[Collected data entries]
Lemma sum_lt_le g g' N : (forall k, g k <= g' k) -> sum_lt g N <= sum_lt g' N.
Proof. intros H; induction N; simpl; [lra|specialize (H N); lra]. Qed.

Lemma sum_lt_support g N M :
  (forall k, (N <= k)%nat -> g k = 0) -> (N <= M)%nat -> sum_lt g M = sum_lt g N.
Proof. intros H HM; induction HM; auto; simpl; rewrite IHHM, H by lia; ring. Qed.

Lemma sum_lt_support2 g N0 N1 : (forall k, (N0 <= k)%nat -> g k = 0) ->
  (forall k, (N1 <= k)%nat -> g k = 0) -> sum_lt g N0 = sum_lt g N1.
Proof.
  intros H0 H1.
  rewrite <- (sum_lt_support g N0 (Nat.max N0 N1)), <- (sum_lt_support g N1 (Nat.max N0 N1));
    auto; lia.
Qed.

Lemma sum_lt_deriv (g : nat -> R -> R) (g' : nat -> R) x N :
  (forall k, derivable_pt_lim (g k) x (g' k)) ->
  derivable_pt_lim (fun y => sum_lt (fun k => g k y) N) x (sum_lt g' N).
Proof. intros H; induction N; simpl; [apply dpl_const|apply dpl_plus; auto]. Qed.

Lemma sum_lt_bin_trunc x j : sum_lt (fun k => bin_digit x k * digit_weight k) j = bin_trunc x j.
Proof. induction j; simpl; auto; rewrite IHj, <- bin_trunc_S; reflexivity. Qed.

(* The [k]-th ramp runs from 0 to 1 while [y] runs over [ramp_start k, ramp_start (S k)];
   these intervals tile [-1, 0). *)

Definition ramp_start (k : nat) : R := - / INR (S k).
Definition ramp_slope (k : nat) : R := INR (S k) * INR (S (S k)).
Definition ramp (k : nat) (y : R) : R := ramp_slope k * y + (INR k + 2).

Lemma INR_S_pos k : 0 < INR (S k).
Proof. apply lt_0_INR; lia. Qed.

Lemma ramp_slope_pos k : 0 < ramp_slope k.
Proof. apply Rmult_lt_0_compat; apply INR_S_pos. Qed.

Lemma ramp_incr k y y' : y <= y' -> ramp k y <= ramp k y'.
Proof. intros; unfold ramp; pose proof (ramp_slope_pos k); nra. Qed.

Lemma ramp_eq k y : ramp k y = INR (S (S k)) * (INR (S k) * y + 1).
Proof. unfold ramp, ramp_slope; rewrite !S_INR; ring. Qed.

Lemma ramp_neg k y : y < ramp_start k -> ramp k y < 0.
Proof.
  intros H; rewrite ramp_eq; unfold ramp_start in H.
  pose proof (INR_S_pos k); pose proof (INR_S_pos (S k)).
  apply Rmult_lt_compat_l with (r := INR (S k)) in H; auto.
  replace (INR (S k) * - / INR (S k)) with (-1) in H by (field; lra); nra.
Qed.

Lemma ramp_ge1 k y : ramp_start (S k) <= y -> 1 <= ramp k y.
Proof.
  intros H; rewrite ramp_eq; unfold ramp_start in H.
  pose proof (INR_S_pos k); pose proof (INR_S_pos (S k)).
  apply Rmult_le_compat_l with (r := INR (S (S k))) in H; [|lra].
  replace (INR (S (S k)) * - / INR (S (S k))) with (-1) in H by (field; lra).
  rewrite (S_INR (S k)) in *; nra.
Qed.

Lemma ramp_start_incr k k' : (k <= k')%nat -> ramp_start k <= ramp_start k'.
Proof.
  intros H; apply Ropp_le_contravar, Rinv_le_contravar; [apply INR_S_pos|apply le_INR; lia].
Qed.

Lemma ramp_done k j h : (k < j)%nat -> ramp_start j <= h -> 1 <= ramp k h.
Proof. intros; apply ramp_ge1, Rle_trans with (ramp_start j); auto; apply ramp_start_incr; lia. Qed.

Definition ramp_bound (y : R) : nat := Z.to_nat (up (- / y)).

Lemma ramp_bound_spec y k : y < 0 -> (ramp_bound y <= k)%nat -> y < ramp_start k.
Proof.
  intros Hy Hk; unfold ramp_bound in Hk; apply le_INR in Hk.
  destruct (archimed (- / y)) as [H1 _].
  assert (Hp : 0 < - / y) by (pose proof (Rinv_lt_0_compat y Hy); lra).
  rewrite INR_IZR_INZ, Z2Nat.id in Hk by (apply le_IZR; simpl; lra).
  unfold ramp_start; rewrite S_INR.
  assert (Hlt : - / y < INR k + 1) by lra.
  apply Rinv_lt_contravar in Hlt; [|pose proof (pos_INR k); nra].
  rewrite <- Rinv_opp, Rinv_inv in Hlt; lra.
Qed.

Lemma ramp_active h : -1 <= h < 0 -> exists j, ramp_start j <= h < ramp_start (S j).
Proof.
  intros [H1 H2].
  assert (Hgen : forall N, h < ramp_start N -> exists j, ramp_start j <= h < ramp_start (S j)).
  { induction N; intros HN.
    - exfalso; unfold ramp_start in HN; simpl in HN; rewrite Rinv_1 in HN; lra.
    - destruct (Rlt_dec h (ramp_start N)); auto; exists N; lra. }
  apply (Hgen (ramp_bound h)), ramp_bound_spec; auto.
Qed.

(** * The correction term and its derivatives *)

(* [corr x 0] rises smoothly from 0 on [y <= -1] to [x] on [y >= 0], adding the [k]-th binary
   digit of [x] along the [k]-th ramp; [corr x n] is its [n]-th derivative. *)

Definition ramp_term (x : R) (n : nat) (y : R) (k : nat) : R :=
  bin_digit x k * digit_weight k * ramp_slope k ^ n * step_D n (ramp k y).

Definition corr (x : R) (n : nat) (y : R) : R :=
  if Rlt_dec y 0 then sum_lt (ramp_term x n y) (ramp_bound y)
  else match n with O => x | S _ => 0 end.

Lemma ramp_term_unstarted x n y y' k :
  y <= y' -> y' < 0 -> (ramp_bound y' <= k)%nat -> ramp_term x n y k = 0.
Proof.
  intros H1 H2 H3; unfold ramp_term; rewrite step_D_left; [ring|].
  pose proof (ramp_bound_spec y' k H2 H3); pose proof (ramp_neg k y' H).
  pose proof (ramp_incr k y y' H1); lra.
Qed.

Lemma ramp_term_deriv x n k y :
  derivable_pt_lim (fun y => ramp_term x n y k) y (ramp_term x (S n) y k).
Proof.
  unfold ramp_term, ramp; eapply dpl_eq.
  - apply dpl_scal, dpl_comp; [|apply step_D_deriv].
    apply (dpl_affine (ramp_slope k) (INR k + 2)).
  - simpl; ring.
Qed.

Lemma corr_near_neg x n y0 y : y0 < 0 -> y < y0 / 2 ->
  corr x n y = sum_lt (ramp_term x n y) (ramp_bound (y0 / 2)).
Proof.
  intros H0 Hy; unfold corr; destruct (Rlt_dec y 0); [|lra].
  apply sum_lt_support2; intros k Hk;
    [apply (ramp_term_unstarted x n y y k)|apply (ramp_term_unstarted x n y (y0 / 2) k)];
    auto; lra.
Qed.

Lemma corr_deriv_neg x n y0 : y0 < 0 -> derivable_pt_lim (corr x n) y0 (corr x (S n) y0).
Proof.
  intros H0; rewrite (corr_near_neg x (S n) y0 y0) by lra.
  apply dpl_local with (fun y => sum_lt (fun k => ramp_term x n y k) (ramp_bound (y0 / 2))).
  - exists (- y0 / 2); split; [lra|]; intros y Hy.
    apply corr_near_neg; auto; apply Rabs_def2 in Hy; lra.
  - apply sum_lt_deriv; intros k; apply ramp_term_deriv.
Qed.

Lemma corr_deriv_pos x n y0 : 0 < y0 -> derivable_pt_lim (corr x n) y0 (corr x (S n) y0).
Proof.
  intros H0; unfold corr at 2; destruct (Rlt_dec y0 0); [lra|].
  apply dpl_local with (fun _ => match n with O => x | S _ => 0 end); [|apply dpl_const].
  exists y0; split; [lra|]; intros y Hy; apply Rabs_def2 in Hy.
  unfold corr; destruct (Rlt_dec y 0); [lra|auto].
Qed.

Lemma corr_active x n h j : h < 0 -> ramp_start j <= h < ramp_start (S j) ->
  corr x n h = sum_lt (ramp_term x n h) j + ramp_term x n h j.
Proof.
  intros Hh [Hj1 Hj2]; unfold corr; destruct (Rlt_dec h 0); [|lra].
  change (sum_lt (ramp_term x n h) j + ramp_term x n h j) with (sum_lt (ramp_term x n h) (S j)).
  apply sum_lt_support2; intros k Hk.
  - apply (ramp_term_unstarted x n h h k); auto; lra.
  - unfold ramp_term; rewrite step_D_left; [ring|].
    apply Rlt_le, ramp_neg, Rlt_le_trans with (ramp_start (S j)); auto.
    apply ramp_start_incr; lia.
Qed.

Lemma ramp_term_0_bounds x y k : 0 <= ramp_term x 0 y k <= bin_digit x k * digit_weight k.
Proof.
  unfold ramp_term; rewrite step_D_O, pow_O, Rmult_1_r.
  pose proof (smooth_step_bounds (ramp k y)); pose proof (bin_digit_bounds x k).
  pose proof (digit_weight_pos k).
  assert (0 <= bin_digit x k * digit_weight k) by nra; split; nra.
Qed.

Lemma ramp_term_0_done x h j : ramp_start j <= h -> sum_lt (ramp_term x 0 h) j = bin_trunc x j.
Proof.
  intros H; rewrite <- sum_lt_bin_trunc; apply sum_lt_ext; intros k Hk.
  unfold ramp_term; rewrite step_D_O, smooth_step_1 by (apply (ramp_done k j); auto).
  simpl; ring.
Qed.

Lemma ramp_term_S_done x n h j : ramp_start j <= h -> sum_lt (ramp_term x (S n) h) j = 0.
Proof.
  intros H; apply sum_lt_0; intros k Hk.
  unfold ramp_term; rewrite step_D_right by (apply (ramp_done k j); auto); ring.
Qed.

Lemma half_le_exp_opp_half : /2 <= exp (- / 2).
Proof.
  assert (H1 : exp (/2) * exp (/2) = exp 1) by (rewrite <- exp_plus; f_equal; field).
  pose proof exp_le_3; pose proof (exp_pos (/2)).
  rewrite exp_Ropp; apply Rinv_le_contravar; nra.
Qed.

(* [(/2)^j] is [4 (/2)^(j+2) <= 4 exp (-(j+2)/2)]; then [pow_mul_exp_opp_le] at [(j+2)/2] *)
Lemma pow_mul_half_pow_le p j :
  INR (S (S j)) ^ p * (/2) ^ j <= 8 * 2 ^ p * INR (S p) ^ (S p) / INR (S (S j)).
Proof.
  set (r := INR (S (S j))); assert (Hr : 0 < r) by apply INR_S_pos.
  assert (Hhalf : (/2) ^ j <= 4 * exp (- (r / 2))).
  { replace ((/2) ^ j) with (4 * (/2) ^ (S (S j))) by (simpl; field).
    apply Rmult_le_compat_l; [lra|].
    apply Rle_trans with (exp (- / 2) ^ (S (S j))).
    - apply pow_incr; pose proof half_le_exp_opp_half; lra.
    - rewrite exp_pow_INR; fold r; right; f_equal; field. }
  assert (Hrp : r ^ p = 2 ^ p * (r / 2) ^ p) by (rewrite <- Rpow_mult_distr; f_equal; field).
  pose proof (pow_mul_exp_opp_le p (r / 2) ltac:(lra)) as Hexp.
  pose proof (pow_le (r / 2) p ltac:(lra)); pose proof (pow_lt 2 p ltac:(lra)).
  rewrite Hrp.
  apply Rle_trans with (4 * 2 ^ p * ((r / 2) ^ p * exp (- (r / 2)))).
  - replace (4 * 2 ^ p * ((r / 2) ^ p * exp (- (r / 2))))
      with (2 ^ p * (r / 2) ^ p * (4 * exp (- (r / 2)))) by ring.
    apply Rmult_le_compat_l; [nra|auto].
  - apply Rle_trans with (4 * 2 ^ p * (INR (S p) ^ S p / (r / 2))).
    + apply Rmult_le_compat_l; [lra|auto].
    + right; field; lra.
Qed.

Lemma pow_mul_half_pow_eventually_lt p C eps : 0 <= C -> 0 < eps ->
  exists J, forall j, (J <= j)%nat -> C * INR (S (S j)) ^ p * (/2) ^ j < eps.
Proof.
  intros HC He.
  set (K := C * (8 * 2 ^ p * INR (S p) ^ (S p))).
  assert (HK : 0 <= K).
  { apply Rmult_le_pos; auto; apply Rmult_le_pos; [pose proof (pow_lt 2 p); lra|].
    apply pow_le, pos_INR. }
  exists (Z.to_nat (up (K / eps))); intros j Hj.
  set (r := INR (S (S j))); assert (Hr0 : 0 < r) by apply INR_S_pos.
  assert (HrK : K / eps < r).
  { destruct (archimed (K / eps)) as [A1 _].
    assert (0 <= K / eps) by (apply Rdiv_le_0_compat; lra).
    apply le_INR in Hj; rewrite INR_IZR_INZ, Z2Nat.id in Hj by (apply le_IZR; simpl; lra).
    unfold r; rewrite !S_INR; lra. }
  apply Rle_lt_trans with (K / r).
  - rewrite Rmult_assoc; unfold K, Rdiv; rewrite Rmult_assoc.
    apply Rmult_le_compat_l; auto; apply pow_mul_half_pow_le.
  - apply Rmult_lt_reg_r with (r / eps); [apply Rdiv_lt_0_compat; lra|].
    replace (K / r * (r / eps)) with (K / eps) by (field; lra).
    replace (eps * (r / eps)) with r by (field; lra); auto.
Qed.

Lemma corr_0 x n : corr x n 0 = match n with O => x | S _ => 0 end.
Proof. unfold corr; destruct (Rlt_dec 0 0); [lra|auto]. Qed.

(* on the [j]-th ramp only the [j]-th term of [corr x n] is not yet settled *)
Lemma corr_active_diff_le x n M h j : 0 <= x < 1 -> 0 <= M ->
  (forall t, Rabs (step_D n t) <= M) -> h < 0 -> ramp_start j <= h < ramp_start (S j) ->
  Rabs (corr x n h - corr x n 0) <= (M + 1) * INR (S (S j)) ^ (2 * n) * (/2) ^ j.
Proof.
  intros Hx HM0 HM Hh Hj.
  set (r := INR (S (S j))); assert (Hr : 0 < r) by apply INR_S_pos.
  pose proof (pow_lt (/2) j ltac:(lra)) as Hhalf.
  pose proof (bin_digit_bounds x j); pose proof (digit_weight_pos j).
  assert (Hw : digit_weight j <= (/2) ^ j) by (unfold digit_weight; simpl; lra).
  rewrite corr_0, (corr_active x n h j Hh Hj); destruct n as [|n].
  - rewrite (ramp_term_0_done x h j (proj1 Hj)); change (2 * 0)%nat with 0%nat.
    rewrite pow_O, Rmult_1_r.
    pose proof (bin_trunc_approx x j Hx); pose proof (bin_trunc_approx x (S j) Hx).
    pose proof (ramp_term_0_bounds x h j); rewrite bin_trunc_S in *.
    rewrite Rabs_left1 by nra; nra.
  - rewrite (ramp_term_S_done x n h j (proj1 Hj)), Rplus_0_l, Rminus_0_r.
    assert (Hslope : ramp_slope j ^ S n <= r ^ (2 * S n)).
    { rewrite pow_mult; apply pow_incr; split; [apply Rlt_le, ramp_slope_pos|].
      unfold ramp_slope; fold r; replace (r ^ 2) with (r * r) by ring.
      apply Rmult_le_compat_r; [lra|apply le_INR; lia]. }
    pose proof (pow_le (ramp_slope j) (S n) (Rlt_le _ _ (ramp_slope_pos j))).
    pose proof (HM (ramp j h)); pose proof (Rabs_pos (step_D (S n) (ramp j h))).
    unfold ramp_term; rewrite !Rabs_mult, (Rabs_pos_eq (bin_digit x j)),
      (Rabs_pos_eq (digit_weight j)), (Rabs_pos_eq (ramp_slope j ^ S n)) by lra.
    set (D := Rabs (step_D (S n) (ramp j h))) in *.
    set (L := ramp_slope j ^ S n) in *; set (Q := r ^ (2 * S n)) in *.
    apply Rle_trans with ((/2) ^ j * Q * M); [|nra].
    apply Rle_trans with (1 * digit_weight j * L * D);
      [repeat apply Rmult_le_compat_r; lra|].
    rewrite Rmult_1_l; replace ((/2) ^ j * Q * M) with ((/2) ^ j * (Q * M)) by ring.
    replace (digit_weight j * L * D) with (digit_weight j * (L * D)) by ring.
    apply Rmult_le_compat; try nra.
Qed.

• The problem
Return, unchanged, the run of lines above that opens with the line containing "else match n with O => x | S _ => 0 end." and closes with the line containing "- apply (ramp_term_unstarted". Include both.

• Exercise solution
  else match n with O => x | S _ => 0 end.

Lemma ramp_term_unstarted x n y y' k :
  y <= y' -> y' < 0 -> (ramp_bound y' <= k)%nat -> ramp_term x n y k = 0.
Proof.
  intros H1 H2 H3; unfold ramp_term; rewrite step_D_left; [ring|].
  pose proof (ramp_bound_spec y' k H2 H3); pose proof (ramp_neg k y' H).
  pose proof (ramp_incr k y y' H1); lra.
Qed.

Lemma ramp_term_deriv x n k y :
  derivable_pt_lim (fun y => ramp_term x n y k) y (ramp_term x (S n) y k).
Proof.
  unfold ramp_term, ramp; eapply dpl_eq.
  - apply dpl_scal, dpl_comp; [|apply step_D_deriv].
    apply (dpl_affine (ramp_slope k) (INR k + 2)).
  - simpl; ring.
Qed.

Lemma corr_near_neg x n y0 y : y0 < 0 -> y < y0 / 2 ->
  corr x n y = sum_lt (ramp_term x n y) (ramp_bound (y0 / 2)).
Proof.
  intros H0 Hy; unfold corr; destruct (Rlt_dec y 0); [|lra].
  apply sum_lt_support2; intros k Hk;
    [apply (ramp_term_unstarted x n y y k)|apply (ramp_term_unstarted x n y (y0 / 2) k)];
    auto; lra.
Qed.

Lemma corr_deriv_neg x n y0 : y0 < 0 -> derivable_pt_lim (corr x n) y0 (corr x (S n) y0).
Proof.
  intros H0; rewrite (corr_near_neg x (S n) y0 y0) by lra.
  apply dpl_local with (fun y => sum_lt (fun k => ramp_term x n y k) (ramp_bound (y0 / 2))).
  - exists (- y0 / 2); split; [lra|]; intros y Hy.
    apply corr_near_neg; auto; apply Rabs_def2 in Hy; lra.
  - apply sum_lt_deriv; intros k; apply ramp_term_deriv.
Qed.

Lemma corr_deriv_pos x n y0 : 0 < y0 -> derivable_pt_lim (corr x n) y0 (corr x (S n) y0).
Proof.
  intros H0; unfold corr at 2; destruct (Rlt_dec y0 0); [lra|].
  apply dpl_local with (fun _ => match n with O => x | S _ => 0 end); [|apply dpl_const].
  exists y0; split; [lra|]; intros y Hy; apply Rabs_def2 in Hy.
  unfold corr; destruct (Rlt_dec y 0); [lra|auto].
Qed.

Lemma corr_active x n h j : h < 0 -> ramp_start j <= h < ramp_start (S j) ->
  corr x n h = sum_lt (ramp_term x n h) j + ramp_term x n h j.
Proof.
  intros Hh [Hj1 Hj2]; unfold corr; destruct (Rlt_dec h 0); [|lra].
  change (sum_lt (ramp_term x n h) j + ramp_term x n h j) with (sum_lt (ramp_term x n h) (S j)).
  apply sum_lt_support2; intros k Hk.
  - apply (ramp_term_unstarted x n h h k); auto; lra.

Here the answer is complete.